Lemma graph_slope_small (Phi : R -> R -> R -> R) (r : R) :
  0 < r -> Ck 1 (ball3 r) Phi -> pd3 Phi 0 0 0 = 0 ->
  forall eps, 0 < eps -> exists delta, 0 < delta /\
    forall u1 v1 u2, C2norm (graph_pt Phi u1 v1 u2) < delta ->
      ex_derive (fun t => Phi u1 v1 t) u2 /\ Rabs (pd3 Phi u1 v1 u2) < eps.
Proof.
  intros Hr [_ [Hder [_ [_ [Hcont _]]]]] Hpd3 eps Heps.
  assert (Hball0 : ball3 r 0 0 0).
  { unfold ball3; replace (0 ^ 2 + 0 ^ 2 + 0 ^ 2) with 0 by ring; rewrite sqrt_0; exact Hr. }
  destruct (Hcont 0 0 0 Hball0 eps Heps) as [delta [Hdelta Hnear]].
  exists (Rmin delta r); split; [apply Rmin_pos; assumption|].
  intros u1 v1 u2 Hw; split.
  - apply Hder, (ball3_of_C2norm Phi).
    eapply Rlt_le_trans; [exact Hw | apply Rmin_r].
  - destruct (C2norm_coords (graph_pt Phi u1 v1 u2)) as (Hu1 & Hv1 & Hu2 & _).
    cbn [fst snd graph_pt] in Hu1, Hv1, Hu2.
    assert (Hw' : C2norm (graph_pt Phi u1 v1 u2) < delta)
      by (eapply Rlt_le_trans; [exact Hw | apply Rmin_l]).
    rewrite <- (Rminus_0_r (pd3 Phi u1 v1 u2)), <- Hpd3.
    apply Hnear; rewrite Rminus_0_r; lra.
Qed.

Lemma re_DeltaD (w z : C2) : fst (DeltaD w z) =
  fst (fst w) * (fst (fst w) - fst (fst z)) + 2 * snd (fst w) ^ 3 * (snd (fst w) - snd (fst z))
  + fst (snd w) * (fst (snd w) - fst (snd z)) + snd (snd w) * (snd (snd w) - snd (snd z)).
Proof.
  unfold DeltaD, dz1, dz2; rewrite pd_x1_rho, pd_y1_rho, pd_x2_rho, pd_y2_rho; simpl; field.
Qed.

--

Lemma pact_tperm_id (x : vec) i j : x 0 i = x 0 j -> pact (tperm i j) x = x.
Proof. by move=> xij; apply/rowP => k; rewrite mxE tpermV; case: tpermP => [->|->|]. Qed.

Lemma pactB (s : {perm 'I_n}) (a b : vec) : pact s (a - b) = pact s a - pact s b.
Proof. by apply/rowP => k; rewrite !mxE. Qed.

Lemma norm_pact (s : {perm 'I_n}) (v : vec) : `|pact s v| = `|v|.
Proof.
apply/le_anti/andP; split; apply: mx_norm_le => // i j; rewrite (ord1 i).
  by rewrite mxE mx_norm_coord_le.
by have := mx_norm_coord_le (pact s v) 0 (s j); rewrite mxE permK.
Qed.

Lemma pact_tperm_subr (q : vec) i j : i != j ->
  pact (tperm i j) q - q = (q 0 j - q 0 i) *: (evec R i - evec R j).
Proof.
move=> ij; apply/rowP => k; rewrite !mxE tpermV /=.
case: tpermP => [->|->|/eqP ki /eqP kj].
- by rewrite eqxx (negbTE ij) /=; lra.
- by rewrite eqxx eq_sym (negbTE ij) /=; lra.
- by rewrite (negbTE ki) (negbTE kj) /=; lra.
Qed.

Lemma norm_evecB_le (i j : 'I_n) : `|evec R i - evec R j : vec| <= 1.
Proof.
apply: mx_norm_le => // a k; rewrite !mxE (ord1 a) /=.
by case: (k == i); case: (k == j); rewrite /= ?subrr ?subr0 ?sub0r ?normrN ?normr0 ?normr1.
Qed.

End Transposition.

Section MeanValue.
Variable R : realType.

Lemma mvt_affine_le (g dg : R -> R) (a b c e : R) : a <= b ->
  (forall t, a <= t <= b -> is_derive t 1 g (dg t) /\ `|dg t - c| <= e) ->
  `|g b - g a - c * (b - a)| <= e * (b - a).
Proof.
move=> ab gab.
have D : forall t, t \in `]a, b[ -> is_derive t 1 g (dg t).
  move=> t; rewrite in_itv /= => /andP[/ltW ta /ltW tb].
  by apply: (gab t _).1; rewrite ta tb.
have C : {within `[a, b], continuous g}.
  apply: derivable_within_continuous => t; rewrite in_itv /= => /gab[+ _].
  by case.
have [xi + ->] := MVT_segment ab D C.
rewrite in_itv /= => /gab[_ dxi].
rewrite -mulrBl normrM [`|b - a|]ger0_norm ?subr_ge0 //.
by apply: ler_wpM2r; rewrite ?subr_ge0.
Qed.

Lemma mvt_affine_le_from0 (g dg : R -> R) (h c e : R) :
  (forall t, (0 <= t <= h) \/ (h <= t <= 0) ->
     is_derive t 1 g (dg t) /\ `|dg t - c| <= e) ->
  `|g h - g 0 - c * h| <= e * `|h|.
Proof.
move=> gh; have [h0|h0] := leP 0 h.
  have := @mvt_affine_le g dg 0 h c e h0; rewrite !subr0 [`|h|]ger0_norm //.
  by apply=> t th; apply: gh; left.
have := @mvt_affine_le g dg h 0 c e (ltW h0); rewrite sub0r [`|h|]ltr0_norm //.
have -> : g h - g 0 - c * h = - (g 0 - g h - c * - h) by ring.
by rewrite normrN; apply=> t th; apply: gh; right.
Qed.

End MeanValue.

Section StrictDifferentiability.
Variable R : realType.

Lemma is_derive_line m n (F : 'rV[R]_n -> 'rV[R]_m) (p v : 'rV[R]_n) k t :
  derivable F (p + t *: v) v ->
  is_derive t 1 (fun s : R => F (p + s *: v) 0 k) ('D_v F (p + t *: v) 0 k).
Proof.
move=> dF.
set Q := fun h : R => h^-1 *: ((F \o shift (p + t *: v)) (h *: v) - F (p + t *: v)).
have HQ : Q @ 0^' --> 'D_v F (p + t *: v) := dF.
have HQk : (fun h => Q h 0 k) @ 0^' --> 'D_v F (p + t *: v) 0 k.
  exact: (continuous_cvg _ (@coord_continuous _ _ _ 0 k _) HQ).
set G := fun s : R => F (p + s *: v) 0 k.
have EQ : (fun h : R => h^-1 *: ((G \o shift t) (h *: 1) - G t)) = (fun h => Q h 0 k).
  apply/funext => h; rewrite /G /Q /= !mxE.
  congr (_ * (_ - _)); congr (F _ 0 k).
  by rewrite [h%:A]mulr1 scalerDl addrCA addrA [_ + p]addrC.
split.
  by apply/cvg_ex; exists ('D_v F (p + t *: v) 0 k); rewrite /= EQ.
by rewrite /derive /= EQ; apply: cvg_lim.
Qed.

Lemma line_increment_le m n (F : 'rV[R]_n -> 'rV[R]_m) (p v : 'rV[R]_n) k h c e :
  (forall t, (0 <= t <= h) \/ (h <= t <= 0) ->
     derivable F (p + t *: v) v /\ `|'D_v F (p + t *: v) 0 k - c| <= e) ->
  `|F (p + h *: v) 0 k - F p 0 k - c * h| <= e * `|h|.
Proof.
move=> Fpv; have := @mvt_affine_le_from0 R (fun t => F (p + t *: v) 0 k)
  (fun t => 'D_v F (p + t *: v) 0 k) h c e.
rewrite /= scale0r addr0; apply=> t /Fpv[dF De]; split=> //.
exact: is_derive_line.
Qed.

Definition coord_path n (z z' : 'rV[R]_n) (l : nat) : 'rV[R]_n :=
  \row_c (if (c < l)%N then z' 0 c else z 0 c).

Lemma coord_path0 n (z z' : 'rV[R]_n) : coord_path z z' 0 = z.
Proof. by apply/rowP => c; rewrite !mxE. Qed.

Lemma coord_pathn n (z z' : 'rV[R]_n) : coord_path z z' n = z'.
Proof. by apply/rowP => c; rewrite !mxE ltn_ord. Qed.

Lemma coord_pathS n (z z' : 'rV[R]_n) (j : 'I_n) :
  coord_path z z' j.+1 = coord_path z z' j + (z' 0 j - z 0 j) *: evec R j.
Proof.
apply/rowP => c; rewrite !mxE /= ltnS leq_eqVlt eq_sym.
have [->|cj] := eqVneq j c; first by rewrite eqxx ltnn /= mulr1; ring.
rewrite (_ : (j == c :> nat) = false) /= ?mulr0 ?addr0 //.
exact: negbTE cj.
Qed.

_Work required_.
Everything above from the line containing "destruct (Hcont 0" through the line containing "eapply Rlt_le_trans; [exact Hw | apply Rmin_r]." must be copied exactly. Nothing outside that range belongs in the answer.

_Result for this task_.
  destruct (Hcont 0 0 0 Hball0 eps Heps) as [delta [Hdelta Hnear]].
  exists (Rmin delta r); split; [apply Rmin_pos; assumption|].
  intros u1 v1 u2 Hw; split.
  - apply Hder, (ball3_of_C2norm Phi).
    eapply Rlt_le_trans; [exact Hw | apply Rmin_r].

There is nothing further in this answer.